» WHAT NEEDS TO BE DONE:
Exact reproduction required: the lines below from the line with "(* Evaluation of" to the line with "the first block.", both ends included, and no others.

» DATA FOR REVIEW:
━━━━━━━━━━━━━━━━━━━━━━━━━━━━━━

(* Let $R$ be a commutative ring with $\mathbb{Q}\subseteq R$, $\mathcal{A}$ a commutative unital $R$-algebra, and $\mathcal{E}$ a finitely generated projective $\mathcal{A}$-module with a symmetric, strongly nondegenerate, full $\mathcal{A}$-bilinear form $\langle\cdot,\cdot\rangle$. Let $\mathsf{C}_1\in\mathcal{C}^r(\mathcal{E})$ and $\mathsf{C}_2\in\mathcal{C}^s(\mathcal{E})$ with $r,s\ge1$. Then for all $x_1,\dots,x_{r+s-1}\in\mathcal{E}$: $$(\mathsf{C}_1\wedge\mathsf{C}_2)(x_1,\dots,x_{r+s-1})=(-1)^{rs}\sum_{\pi\in\mathrm{Sh}(r,s-1)}\operatorname{sign}(\pi)\,\langle\mathsf{C}_1(x_{\pi(1)},\dots,x_{\pi(r-1)}),x_{\pi(r)}\rangle\,\mathsf{C}_2(x_{\pi(r+1)},\dots,x_{\pi(r+s-1)})$$ $$\qquad+\sum_{\pi\in\mathrm{Sh}(s,r-1)}\operatorname{sign}(\pi)\,\langle\mathsf{C}_2(x_{\pi(1)},\dots,x_{\pi(s-1)}),x_{\pi(s)}\rangle\,\mathsf{C}_1(x_{\pi(s+1)},\dots,x_{\pi(r+s-1)}).$$
   Context: Strongly nondegenerate: $\mathcal{E}\to\operatorname{Hom}_{\mathcal{A}}(\mathcal{E},\mathcal{A})$ is an isomorphism. Full: every $a\in\mathcal{A}$ is a finite sum $\sum_i\langle x_i,y_i\rangle$. $\operatorname{Der}(\mathcal{A})$: $R$-linear derivations of $\mathcal{A}$. $\mathcal{C}^0(\mathcal{E})=\mathcal{A}$ and $\mathcal{C}^1(\mathcal{E})=\mathcal{E}$. An element of $\mathcal{C}^1$ is regarded as a map with zero arguments; for $y\in\mathcal{E}$, $y()=y$. For $r\ge2$, $\mathcal{C}^r(\mathcal{E})$ is the set of $\mathsf{C}\in\operatorname{Hom}_R(\mathcal{E}^{\otimes_R(r-1)},\mathcal{E})$ admitting an $R$-multilinear symbol $\sigma_{\mathsf{C}}:\mathcal{E}^{\otimes(r-2)}\to\operatorname{Der}(\mathcal{A})$ with two properties: (1) $\sigma_{\mathsf{C}}(x_1,\dots,x_{r-2})\langle u,w\rangle=\langle\mathsf{C}(x_1,\dots,x_{r-2},u),w\rangle+\langle u,\mathsf{C}(x_1,\dots,x_{r-2},w)\rangle$; (2) for $r\ge3$ and $1\le i\le r-2$, $\langle\mathsf{C}(\dots,x_i,x_{i+1},\dots)+\mathsf{C}(\dots,x_{i+1},x_i,\dots),u\rangle=\sigma_{\mathsf{C}}(x_1,\dots,\widehat{x_i},\widehat{x_{i+1}},\dots,x_{r-1},u)\langle x_i,x_{i+1}\rangle$. $i_x\mathsf{C}$ inserts $x$ in the first argument. $[\cdot,\cdot]$ is the unique $R$-bilinear graded skew-symmetric map $\mathcal{C}^r\times\mathcal{C}^s\to\mathcal{C}^{r+s-2}$ with: - $[a,b]=0$ and $[a,x]=0=[x,a]$; - $[x,y]=\langle x,y\rangle$; - $[\mathsf{D},a]=\sigma_{\mathsf{D}}(a)=-[a,\mathsf{D}]$ for $\mathsf{D}\in\mathcal{C}^2$; - $[\mathsf{C},x]=i_x\mathsf{C}=(-1)^{r+1}[x,\mathsf{C}]$ for $\mathsf{C}\in\mathcal{C}^r$ with $r\ge2$; - $[[\mathsf{C}_1,\mathsf{C}_2],x]=(-1)^s[[\mathsf{C}_1,x],\mathsf{C}_2]+[\mathsf{C}_1,[\mathsf{C}_2,x]]$. $\wedge$ is the unique degree-$0$ $R$-bilinear product with $a\wedge b=ab$, $a\wedge x=ax=x\wedge a$, and $[\mathsf{C}_1\wedge\mathsf{C}_2,x]=(-1)^s[\mathsf{C}_1,x]\wedge\mathsf{C}_2+\mathsf{C}_1\wedge[\mathsf{C}_2,x]$. $\mathrm{Sh}(p,q)$ denotes the set of $(p,q)$-shuffles: permutations $\pi$ of $\{1,\dots,p+q\}$ with $\pi(1)<\dots<\pi(p)$ and $\pi(p+1)<\dots<\pi(p+q)$. *)

From HB Require Import structures.
From mathcomp Require Import all_boot all_order all_algebra perm.
Set Implicit Arguments. Unset Strict Implicit. Unset Printing Implicit Defensive.
Import Order.TTheory GRing.Theory.
Local Open Scope ring_scope.

Section Cochains.
Variables (R : comNzRingType) (A : comAlgType R) (E : lmodType A).
Variable form : E -> E -> A.

Definition rsc (c : R) (u : E) : E := (c%:A) *: u.

Definition is_derivation (D : A -> A) : Prop :=
  (forall (c : R) (a b : A), D (c *: a + b) = c *: D a + D b) /\
  (forall a b : A, D (a * b) = D a * b + a * D b).

(* An element of C^r, r >= 2, is a map C on (r-1)-lists of elements of E;
   only its values on lists of size r-1 are relevant.
   An element of C^1 = E is a map with zero arguments: y() = y, i.e. the
   vector is C [::]. *)
Definition in_C (r : nat) (C : seq E -> E) : Prop :=
  match r with
  | r'.+2 =>
    (forall (pre post : seq E) (c : R) (u v : E),
        size pre + size post = r' ->
        C (pre ++ (rsc c u + v) :: post) =
          rsc c (C (pre ++ u :: post)) + C (pre ++ v :: post)) /\
    exists sigma : seq E -> A -> A,
      (forall xs : seq E, size xs = r' -> is_derivation (sigma xs)) /\
      (forall (pre post : seq E) (c : R) (u v : E) (a : A),
          size pre + (size post).+1 = r' ->
          sigma (pre ++ (rsc c u + v) :: post) a =
            c *: sigma (pre ++ u :: post) a + sigma (pre ++ v :: post) a) /\
      (forall (xs : seq E) (u w : E), size xs = r' ->
          sigma xs (form u w) = form (C (rcons xs u)) w + form u (C (rcons xs w))) /\
      (* property (2), for pairs of adjacent positions (i, i+1), 1 <= i <= r-2 *)
      (forall (pre post : seq E) (a b u : E),
          size pre + (size post).+2 = r'.+1 ->
          form (C (pre ++ a :: b :: post) + C (pre ++ b :: a :: post)) u =
            sigma (pre ++ rcons post u) (form a b))
  | _ => True
  end.

(* Cochains of arbitrary degree: Sc a is a in C^0 = A, Vc r f is f in C^r
   (r >= 1). *)
Inductive cochain : Type :=
  | Sc of A
  | Vc of nat & (seq E -> E).

Definition deg (c : cochain) : nat :=
  match c with Sc _ => 0%N | Vc r _ => r end.

(* [c, x] : for c in C^0, [a,x] = 0; for c = y in C^1, [y,x] = <y,x>;
   for C in C^r, r >= 2, [C,x] = i_x C (insertion in the first argument). *)
Definition brx (c : cochain) (x : E) : cochain :=
  match c with
  | Sc _ => Sc 0
  | Vc 0 _ => Sc 0
  | Vc 1 f => Sc (form (f [::]) x)
  | Vc r.+2 f => Vc r.+1 (fun xs => f (x :: xs))
  end.

(* Evaluation of the wedge product c1 /\ c2 (of degree deg c1 + deg c2 >= 1)
   at the argument list xs, determined by
     a /\ x = a x = x /\ a   (degree 1 case), and
     [C1 /\ C2, x] = (-1)^s [C1, x] /\ C2 + C1 /\ [C2, x]  (s = deg C2),
   where [C, x] = i_x C inserts x as first argument. *)
Fixpoint wedge_ev (c1 c2 : cochain) (xs : seq E) {struct xs} : E :=
  match xs with
  | [::] =>
    match c1, c2 with
    | Sc a, Vc 1 f => a *: f [::]
    | Vc 1 f, Sc a => a *: f [::]
    | _, _ => 0
    end
  | x :: xs' =>
    ((-1) ^+ deg c2) *: wedge_ev (brx c1 x) c2 xs' + wedge_ev c1 (brx c2 x) xs'
  end.

End Cochains.

(* (p, n-p)-shuffles of {0, ..., n-1} (0-based version of Sh(p, q)) *)
Definition is_shuffle (n p : nat) (pi : 'S_n) : bool :=
  [forall i : 'I_n, forall j : 'I_n,
     ((i < j)%N && ((j < p)%N || (p <= i)%N)) ==> (pi i < pi j)%N].

(* x at a natural-number index (0 outside range) *)
Definition at_nat (T : nmodType) (n : nat) (x : 'I_n -> T) (i : nat) : T :=
  match @insub nat (fun k => (k < n)%N) _ i with
  | Some j => x j
  | None => 0
  end.

(* the list [x_{pi(k+1)}, ..., x_{pi(k+m)}] (1-based), i.e. 0-based
   indices k, ..., k+m-1 *)
Definition xs_pi (T : nmodType) (n : nat) (x : 'I_n -> T) (pi : 'S_n)
  (k m : nat) : seq T :=
  [seq at_nat (fun i => x (pi i)) j | j <- iota k m].

From HB Require Import structures.
From mathcomp Require Import all_boot all_order all_algebra perm zify.
Import GRing.Theory.
Local Open Scope ring_scope.
Set Implicit Arguments. Unset Strict Implicit. Unset Printing Implicit Defensive.

(* The wedge product is defined by the derivation rule
   [C1 /\ C2, x] = (-1)^s [C1, x] /\ C2 + C1 /\ [C2, x], i.e. by recursion on the
   first argument.  In a summand of the shuffle formula the first argument x_1
   sits either in the first slot of the first block or in the first slot of the
   second block; deleting it turns the shuffle into a shuffle with one block
   shorter by one, and in the second case costs the sign of moving x_1 across
   the first block.  These two families of summands are exactly the two terms
   of the derivation rule, so the formula follows by induction on the number of
   arguments. *)

Lemma big_lift_perm (V : nmodType) n (i0 j0 : 'I_n.+1) (P : pred 'S_n.+1)
    (F : 'S_n.+1 -> V) :
  \sum_(pi | P pi && (pi i0 == j0)) F pi =
  \sum_(s : 'S_n | P (lift_perm i0 j0 s)) F (lift_perm i0 j0 s).
Proof.
rewrite (reindex (lift_perm i0 j0)); last first.
  pose unlift_fun i (s : 'S_n.+1) k := odflt k (unlift (s i) (s (lift i k))).
  have unlift_funK i (s : 'S_n.+1) k : lift (s i) (unlift_fun i s k) = s (lift i k).
    rewrite /unlift_fun; have:= neq_lift i k.
    by rewrite -(can_eq (permK s)) => /unlift_some[] ? ? ->.
  have inj_unlift_fun : injective (unlift_fun i0 _).
    move=> s; apply: can_inj (unlift_fun (s i0) s^-1%g) _ => k'.
    by rewrite {1}/unlift_fun unlift_funK !permK liftK.
  exists (fun s => perm (inj_unlift_fun s)) => [s _ | s].
    by apply/permP=> k'; rewrite permE /unlift_fun lift_perm_lift lift_perm_id liftK.
  case/andP=> _ /eqP si0; apply/permP=> k.
  case: (unliftP i0 k) => [k'|] ->; rewrite ?lift_perm_id //.
  by rewrite lift_perm_lift -si0 permE unlift_funK.
by apply: eq_bigl => s; rewrite lift_perm_id eqxx andbT.
Qed.

Lemma is_shuffleP n p (pi : 'S_n) :
  reflect (forall i j : 'I_n, (i < j)%N -> (j < p)%N || (p <= i)%N -> (pi i < pi j)%N)
          (is_shuffle p pi).
Proof.
apply: (iffP forallP) => [sh i j lt_ij hp | sh i].
  by have /forallP/(_ j) := sh i; rewrite lt_ij hp.
by apply/forallP => j; apply/implyP => /andP[] /sh; apply.
Qed.

Lemma increasing_perm_eq1 n (s : 'S_n) : {homo s : i j / (i < j)%N} -> s = 1%g.
Proof.
have ge_id (t : 'S_n) : {homo t : i j / (i < j)%N} -> forall i : 'I_n, (i <= t i)%N.
  move=> inc_t [i lt_in]; elim: i lt_in => [//|i IHi] lt_in /=.
  apply: leq_ltn_trans (IHi (ltnW lt_in)) _.
  exact: (inc_t (Ordinal (ltnW lt_in)) (Ordinal lt_in)).
move=> inc_s; have inc_sV : {homo s^-1%g : i j / (i < j)%N}.
  move=> i j lt_ij; rewrite ltnNge leq_eqVlt; apply/negP.
  case/orP=> [/eqP/val_inj/perm_inj eq_ji | /inc_s]; first by rewrite eq_ji ltnn in lt_ij.
  by rewrite !permKV ltnNge (ltnW lt_ij).
apply/permP => i; apply/val_inj/eqP; rewrite perm1 /= eqn_leq ge_id // andbT.
by have := ge_id _ inc_sV (s i); rewrite permK.
Qed.

Lemma is_shuffle0 n (s : 'S_n) : is_shuffle 0 s = (s == 1%g).
Proof.
apply/is_shuffleP/eqP => [inc_s | -> i j lt_ij _]; last by rewrite !perm1.
by apply: increasing_perm_eq1 => i j lt_ij; apply: inc_s.
Qed.

Section ShuffleLiftPerm.
Variables (n q : nat) (i0 : 'I_n.+1) (s : 'S_n).
Let pi := lift_perm i0 ord0 s.

Lemma lift_perm_shuffle_pivot :
  is_shuffle q pi -> (i0 == 0 :> nat) || (i0 == q :> nat).
Proof.
move/is_shuffleP=> sh; apply/contraT; rewrite negb_or => /andP[ne0 neq].
have pi_i0 : pi i0 = 0 :> nat by rewrite /pi lift_perm_id.
have [lt_i0q | lt_qi0] := ltnP i0 q.
  by have := sh ord0 i0; rewrite lt0n ne0 lt_i0q pi_i0 => /(_ isT isT).
have lt_qn : (q < n.+1)%N by apply: leq_ltn_trans lt_qi0 (ltn_ord i0).
have := sh (Ordinal lt_qn) i0; rewrite pi_i0 leqnn orbT ltn_neqAle eq_sym neq.
by move=> /(_ lt_qi0 isT).
Qed.

Lemma lift_perm_shuffle t :
    (i0 == 0 :> nat) || (i0 == q :> nat) ->
    (forall k, (bump i0 k < q)%N = (k < t)%N) ->
  is_shuffle q pi = is_shuffle t s.
Proof.
move=> pivot thr; have thr' k : (q <= bump i0 k)%N = (t <= k)%N.
  by rewrite leqNgt thr -leqNgt.
have pi_lift k : pi (lift i0 k) = (s k).+1 :> nat by rewrite /pi lift_perm_lift.
have lt_lift k l : (lift i0 k < lift i0 l)%N = (k < l)%N.
  by rewrite /= !ltnNge leq_bump2.
apply/is_shuffleP/is_shuffleP => sh i j lt_ij hp.
  have := sh (lift i0 i) (lift i0 j); rewrite !pi_lift lt_lift /= thr thr'.
  by move=> /(_ lt_ij hp).
case: (unliftP i0 i) => [i'|] -> in lt_ij hp *; last first.
  case: (unliftP i0 j) => [j'|] -> in lt_ij *; last by rewrite ltnn in lt_ij.
  by rewrite pi_lift /pi lift_perm_id.
case: (unliftP i0 j) => [j'|] -> in lt_ij hp *.
  by rewrite !pi_lift ltnS; apply: sh; rewrite -?lt_lift // -thr -thr'.
by exfalso; move: lt_ij hp pivot; rewrite /= /bump; case: (i0 <= i')%N; lia.
Qed.

End ShuffleLiftPerm.

Lemma is_shuffleS_lift_perm n p (i0 : 'I_n.+1) (s : 'S_n) :
  is_shuffle p.+1 (lift_perm i0 ord0 s) =
    if i0 == ord0 then is_shuffle p s
    else (i0 == p.+1 :> nat) && is_shuffle p.+1 s.
Proof.
case: eqP => [-> | /eqP ne0]; first by apply: lift_perm_shuffle.
have [eq_i0 | ne_i0] /= := eqVneq (i0 : nat) p.+1.
  apply: lift_perm_shuffle; first by rewrite eq_i0 eqxx orbT.
  by move=> k; rewrite /bump eq_i0; case: ltnP => /= hk; lia.
apply/negP => /lift_perm_shuffle_pivot.
by rewrite (negbTE ne_i0) orbF => /eqP eq0; case/eqP: ne0; apply: val_inj.
Qed.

━━━━━━━━━━━━━━━━━━━━━━━━━━━━━━

» ANSWER AREA:
(* Evaluation of the wedge product c1 /\ c2 (of degree deg c1 + deg c2 >= 1)
   at the argument list xs, determined by
     a /\ x = a x = x /\ a   (degree 1 case), and
     [C1 /\ C2, x] = (-1)^s [C1, x] /\ C2 + C1 /\ [C2, x]  (s = deg C2),
   where [C, x] = i_x C inserts x as first argument. *)
Fixpoint wedge_ev (c1 c2 : cochain) (xs : seq E) {struct xs} : E :=
  match xs with
  | [::] =>
    match c1, c2 with
    | Sc a, Vc 1 f => a *: f [::]
    | Vc 1 f, Sc a => a *: f [::]
    | _, _ => 0
    end
  | x :: xs' =>
    ((-1) ^+ deg c2) *: wedge_ev (brx c1 x) c2 xs' + wedge_ev c1 (brx c2 x) xs'
  end.

End Cochains.

(* (p, n-p)-shuffles of {0, ..., n-1} (0-based version of Sh(p, q)) *)
Definition is_shuffle (n p : nat) (pi : 'S_n) : bool :=
  [forall i : 'I_n, forall j : 'I_n,
     ((i < j)%N && ((j < p)%N || (p <= i)%N)) ==> (pi i < pi j)%N].

(* x at a natural-number index (0 outside range) *)
Definition at_nat (T : nmodType) (n : nat) (x : 'I_n -> T) (i : nat) : T :=
  match @insub nat (fun k => (k < n)%N) _ i with
  | Some j => x j
  | None => 0
  end.

(* the list [x_{pi(k+1)}, ..., x_{pi(k+m)}] (1-based), i.e. 0-based
   indices k, ..., k+m-1 *)
Definition xs_pi (T : nmodType) (n : nat) (x : 'I_n -> T) (pi : 'S_n)
  (k m : nat) : seq T :=
  [seq at_nat (fun i => x (pi i)) j | j <- iota k m].

From HB Require Import structures.
From mathcomp Require Import all_boot all_order all_algebra perm zify.
Import GRing.Theory.
Local Open Scope ring_scope.
Set Implicit Arguments. Unset Strict Implicit. Unset Printing Implicit Defensive.

(* The wedge product is defined by the derivation rule
   [C1 /\ C2, x] = (-1)^s [C1, x] /\ C2 + C1 /\ [C2, x], i.e. by recursion on the
   first argument.  In a summand of the shuffle formula the first argument x_1
   sits either in the first slot of the first block or in the first slot of the
   second block; deleting it turns the shuffle into a shuffle with one block
   shorter by one, and in the second case costs the sign of moving x_1 across
   the first block.  These two families of summands are exactly the two terms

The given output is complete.